[TASK MATERIAL]:

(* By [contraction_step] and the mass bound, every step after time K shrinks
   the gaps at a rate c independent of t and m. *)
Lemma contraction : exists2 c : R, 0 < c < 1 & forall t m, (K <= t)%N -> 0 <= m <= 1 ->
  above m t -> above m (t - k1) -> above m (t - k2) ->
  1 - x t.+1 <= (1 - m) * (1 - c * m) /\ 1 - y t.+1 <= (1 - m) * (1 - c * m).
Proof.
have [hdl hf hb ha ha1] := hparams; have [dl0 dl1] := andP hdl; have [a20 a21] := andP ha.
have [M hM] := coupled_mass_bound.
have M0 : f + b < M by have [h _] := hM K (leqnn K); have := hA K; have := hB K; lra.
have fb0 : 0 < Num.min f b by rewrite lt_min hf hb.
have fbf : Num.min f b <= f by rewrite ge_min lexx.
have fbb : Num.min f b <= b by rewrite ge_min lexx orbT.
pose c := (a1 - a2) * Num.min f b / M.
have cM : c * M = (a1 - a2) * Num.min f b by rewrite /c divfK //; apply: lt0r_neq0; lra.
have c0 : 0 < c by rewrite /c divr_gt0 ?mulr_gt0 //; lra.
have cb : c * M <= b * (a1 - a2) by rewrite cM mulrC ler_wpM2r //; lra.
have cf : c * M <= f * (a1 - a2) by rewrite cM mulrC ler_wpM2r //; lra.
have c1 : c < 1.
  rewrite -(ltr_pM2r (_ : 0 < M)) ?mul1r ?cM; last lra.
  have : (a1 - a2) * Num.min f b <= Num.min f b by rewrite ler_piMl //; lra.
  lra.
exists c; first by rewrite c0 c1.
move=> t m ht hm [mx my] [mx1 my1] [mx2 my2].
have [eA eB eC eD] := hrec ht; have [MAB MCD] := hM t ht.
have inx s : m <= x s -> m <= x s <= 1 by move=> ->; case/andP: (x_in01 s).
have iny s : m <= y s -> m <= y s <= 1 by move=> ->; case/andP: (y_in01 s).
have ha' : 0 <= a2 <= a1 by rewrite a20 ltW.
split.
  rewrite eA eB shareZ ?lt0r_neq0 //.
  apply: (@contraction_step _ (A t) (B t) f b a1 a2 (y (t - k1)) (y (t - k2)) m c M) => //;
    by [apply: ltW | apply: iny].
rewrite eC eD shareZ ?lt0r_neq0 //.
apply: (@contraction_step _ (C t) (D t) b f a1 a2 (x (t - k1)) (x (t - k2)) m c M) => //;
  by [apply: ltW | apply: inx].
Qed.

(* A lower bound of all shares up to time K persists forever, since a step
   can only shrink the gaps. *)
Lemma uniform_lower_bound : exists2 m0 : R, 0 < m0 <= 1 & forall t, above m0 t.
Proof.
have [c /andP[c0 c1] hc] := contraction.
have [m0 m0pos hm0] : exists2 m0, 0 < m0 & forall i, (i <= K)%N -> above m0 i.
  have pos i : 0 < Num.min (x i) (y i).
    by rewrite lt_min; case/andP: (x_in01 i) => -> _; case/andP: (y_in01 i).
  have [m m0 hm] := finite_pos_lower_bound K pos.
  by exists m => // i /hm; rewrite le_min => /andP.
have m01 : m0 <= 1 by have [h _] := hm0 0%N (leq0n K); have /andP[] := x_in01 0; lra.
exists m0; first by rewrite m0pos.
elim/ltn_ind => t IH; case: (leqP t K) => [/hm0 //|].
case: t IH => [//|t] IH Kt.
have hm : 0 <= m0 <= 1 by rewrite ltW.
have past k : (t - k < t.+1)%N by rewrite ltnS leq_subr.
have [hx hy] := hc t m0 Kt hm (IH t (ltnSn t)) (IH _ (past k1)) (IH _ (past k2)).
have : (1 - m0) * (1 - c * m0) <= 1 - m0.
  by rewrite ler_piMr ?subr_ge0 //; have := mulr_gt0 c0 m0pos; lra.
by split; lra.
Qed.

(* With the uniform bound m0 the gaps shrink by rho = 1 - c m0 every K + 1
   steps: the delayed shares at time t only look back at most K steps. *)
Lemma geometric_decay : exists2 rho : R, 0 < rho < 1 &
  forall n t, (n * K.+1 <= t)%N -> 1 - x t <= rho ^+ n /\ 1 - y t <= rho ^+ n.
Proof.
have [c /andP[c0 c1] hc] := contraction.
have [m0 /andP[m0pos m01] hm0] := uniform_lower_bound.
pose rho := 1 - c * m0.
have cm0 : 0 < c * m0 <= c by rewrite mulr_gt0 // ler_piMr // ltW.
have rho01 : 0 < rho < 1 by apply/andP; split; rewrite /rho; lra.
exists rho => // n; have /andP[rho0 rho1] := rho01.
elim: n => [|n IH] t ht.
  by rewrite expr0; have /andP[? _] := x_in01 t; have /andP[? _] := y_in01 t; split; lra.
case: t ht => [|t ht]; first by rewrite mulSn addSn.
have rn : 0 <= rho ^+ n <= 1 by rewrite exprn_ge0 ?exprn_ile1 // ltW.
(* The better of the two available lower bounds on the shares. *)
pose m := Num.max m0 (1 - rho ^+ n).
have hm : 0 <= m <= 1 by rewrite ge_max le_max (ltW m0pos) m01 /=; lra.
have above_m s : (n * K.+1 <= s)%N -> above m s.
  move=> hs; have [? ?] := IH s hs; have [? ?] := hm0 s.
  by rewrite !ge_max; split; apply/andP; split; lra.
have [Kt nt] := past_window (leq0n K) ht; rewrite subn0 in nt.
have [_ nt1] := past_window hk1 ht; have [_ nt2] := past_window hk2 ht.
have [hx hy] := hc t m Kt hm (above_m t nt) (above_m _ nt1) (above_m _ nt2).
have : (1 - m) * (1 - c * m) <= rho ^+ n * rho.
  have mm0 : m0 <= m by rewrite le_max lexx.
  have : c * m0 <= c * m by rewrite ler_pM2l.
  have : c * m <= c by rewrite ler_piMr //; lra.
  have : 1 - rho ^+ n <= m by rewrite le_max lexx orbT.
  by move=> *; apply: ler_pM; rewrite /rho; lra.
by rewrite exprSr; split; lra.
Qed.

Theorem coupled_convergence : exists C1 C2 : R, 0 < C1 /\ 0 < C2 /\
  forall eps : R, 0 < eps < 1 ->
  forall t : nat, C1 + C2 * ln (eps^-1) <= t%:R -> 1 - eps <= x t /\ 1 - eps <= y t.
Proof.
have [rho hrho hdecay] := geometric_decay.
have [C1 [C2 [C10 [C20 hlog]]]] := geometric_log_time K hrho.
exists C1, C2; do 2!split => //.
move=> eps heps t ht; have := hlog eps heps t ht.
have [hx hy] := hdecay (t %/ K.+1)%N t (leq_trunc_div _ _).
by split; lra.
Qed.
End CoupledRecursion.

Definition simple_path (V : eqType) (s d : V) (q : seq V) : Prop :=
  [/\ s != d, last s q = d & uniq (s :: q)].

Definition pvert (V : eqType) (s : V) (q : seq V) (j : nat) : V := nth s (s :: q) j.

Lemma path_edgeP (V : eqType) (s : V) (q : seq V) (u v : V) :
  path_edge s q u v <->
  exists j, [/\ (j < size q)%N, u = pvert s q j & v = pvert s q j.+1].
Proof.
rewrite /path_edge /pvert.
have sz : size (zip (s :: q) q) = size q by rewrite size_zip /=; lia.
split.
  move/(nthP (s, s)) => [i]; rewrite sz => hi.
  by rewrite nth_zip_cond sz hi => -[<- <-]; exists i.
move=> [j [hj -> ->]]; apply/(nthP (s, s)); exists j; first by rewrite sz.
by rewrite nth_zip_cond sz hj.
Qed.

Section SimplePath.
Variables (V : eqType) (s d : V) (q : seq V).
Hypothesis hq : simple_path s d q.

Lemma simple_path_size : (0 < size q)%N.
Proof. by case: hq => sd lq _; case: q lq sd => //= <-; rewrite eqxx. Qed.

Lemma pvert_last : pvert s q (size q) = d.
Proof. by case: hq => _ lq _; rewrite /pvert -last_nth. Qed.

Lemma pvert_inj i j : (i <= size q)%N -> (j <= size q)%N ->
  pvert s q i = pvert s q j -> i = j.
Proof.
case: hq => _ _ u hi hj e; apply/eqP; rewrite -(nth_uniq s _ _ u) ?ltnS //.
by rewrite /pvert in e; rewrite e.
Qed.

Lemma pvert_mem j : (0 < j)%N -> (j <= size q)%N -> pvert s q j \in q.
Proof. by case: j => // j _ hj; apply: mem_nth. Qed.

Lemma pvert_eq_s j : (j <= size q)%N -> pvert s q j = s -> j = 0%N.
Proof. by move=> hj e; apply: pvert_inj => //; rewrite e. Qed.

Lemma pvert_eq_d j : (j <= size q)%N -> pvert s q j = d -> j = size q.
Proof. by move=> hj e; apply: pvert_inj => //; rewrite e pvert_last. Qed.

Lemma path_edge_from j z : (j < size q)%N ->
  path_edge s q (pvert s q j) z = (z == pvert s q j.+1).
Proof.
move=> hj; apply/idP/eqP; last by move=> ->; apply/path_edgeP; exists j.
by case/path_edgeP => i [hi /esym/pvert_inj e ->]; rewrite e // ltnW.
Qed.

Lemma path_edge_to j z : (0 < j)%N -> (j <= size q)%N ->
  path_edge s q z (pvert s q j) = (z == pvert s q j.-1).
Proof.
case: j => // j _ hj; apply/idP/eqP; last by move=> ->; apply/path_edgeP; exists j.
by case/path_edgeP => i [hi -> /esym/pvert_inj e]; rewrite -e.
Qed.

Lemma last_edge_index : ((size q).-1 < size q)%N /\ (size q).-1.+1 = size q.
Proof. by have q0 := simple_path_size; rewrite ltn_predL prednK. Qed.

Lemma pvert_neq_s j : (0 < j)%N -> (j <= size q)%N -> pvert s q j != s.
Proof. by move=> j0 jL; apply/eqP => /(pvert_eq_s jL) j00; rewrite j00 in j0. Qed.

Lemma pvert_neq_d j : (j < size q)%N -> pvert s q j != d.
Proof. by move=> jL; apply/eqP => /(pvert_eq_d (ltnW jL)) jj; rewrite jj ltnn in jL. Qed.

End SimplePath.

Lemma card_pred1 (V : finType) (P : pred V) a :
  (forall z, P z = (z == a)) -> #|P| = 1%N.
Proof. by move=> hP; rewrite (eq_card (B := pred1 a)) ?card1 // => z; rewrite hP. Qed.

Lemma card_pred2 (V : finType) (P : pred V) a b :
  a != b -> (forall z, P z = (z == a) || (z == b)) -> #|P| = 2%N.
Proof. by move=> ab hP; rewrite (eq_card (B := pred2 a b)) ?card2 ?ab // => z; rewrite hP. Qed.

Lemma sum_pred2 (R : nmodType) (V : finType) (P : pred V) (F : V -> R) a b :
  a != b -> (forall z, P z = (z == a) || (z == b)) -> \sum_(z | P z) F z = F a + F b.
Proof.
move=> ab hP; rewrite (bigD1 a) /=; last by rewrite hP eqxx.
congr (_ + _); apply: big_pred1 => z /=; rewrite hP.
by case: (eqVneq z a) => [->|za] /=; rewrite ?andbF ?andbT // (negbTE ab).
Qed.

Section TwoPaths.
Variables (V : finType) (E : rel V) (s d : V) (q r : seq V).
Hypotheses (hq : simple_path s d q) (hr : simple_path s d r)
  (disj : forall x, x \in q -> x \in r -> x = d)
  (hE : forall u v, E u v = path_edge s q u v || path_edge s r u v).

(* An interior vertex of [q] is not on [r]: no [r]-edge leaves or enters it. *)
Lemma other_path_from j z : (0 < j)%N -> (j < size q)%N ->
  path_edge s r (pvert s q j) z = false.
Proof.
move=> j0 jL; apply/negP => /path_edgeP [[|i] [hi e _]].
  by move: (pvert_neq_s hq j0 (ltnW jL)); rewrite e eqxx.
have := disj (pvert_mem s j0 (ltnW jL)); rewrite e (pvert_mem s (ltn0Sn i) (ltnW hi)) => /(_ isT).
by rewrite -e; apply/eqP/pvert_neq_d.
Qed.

[TASK DETAILS]:
An exact copy of the lines above, from the one containing "Lemma pvert_eq_s j" down to the one containing "e pvert_last. Qed." and including both, is the whole answer; retype it and nothing else.

[EXERCISE SOLUTION]:
Lemma pvert_eq_s j : (j <= size q)%N -> pvert s q j = s -> j = 0%N.
Proof. by move=> hj e; apply: pvert_inj => //; rewrite e. Qed.

Lemma pvert_eq_d j : (j <= size q)%N -> pvert s q j = d -> j = size q.
Proof. by move=> hj e; apply: pvert_inj => //; rewrite e pvert_last. Qed.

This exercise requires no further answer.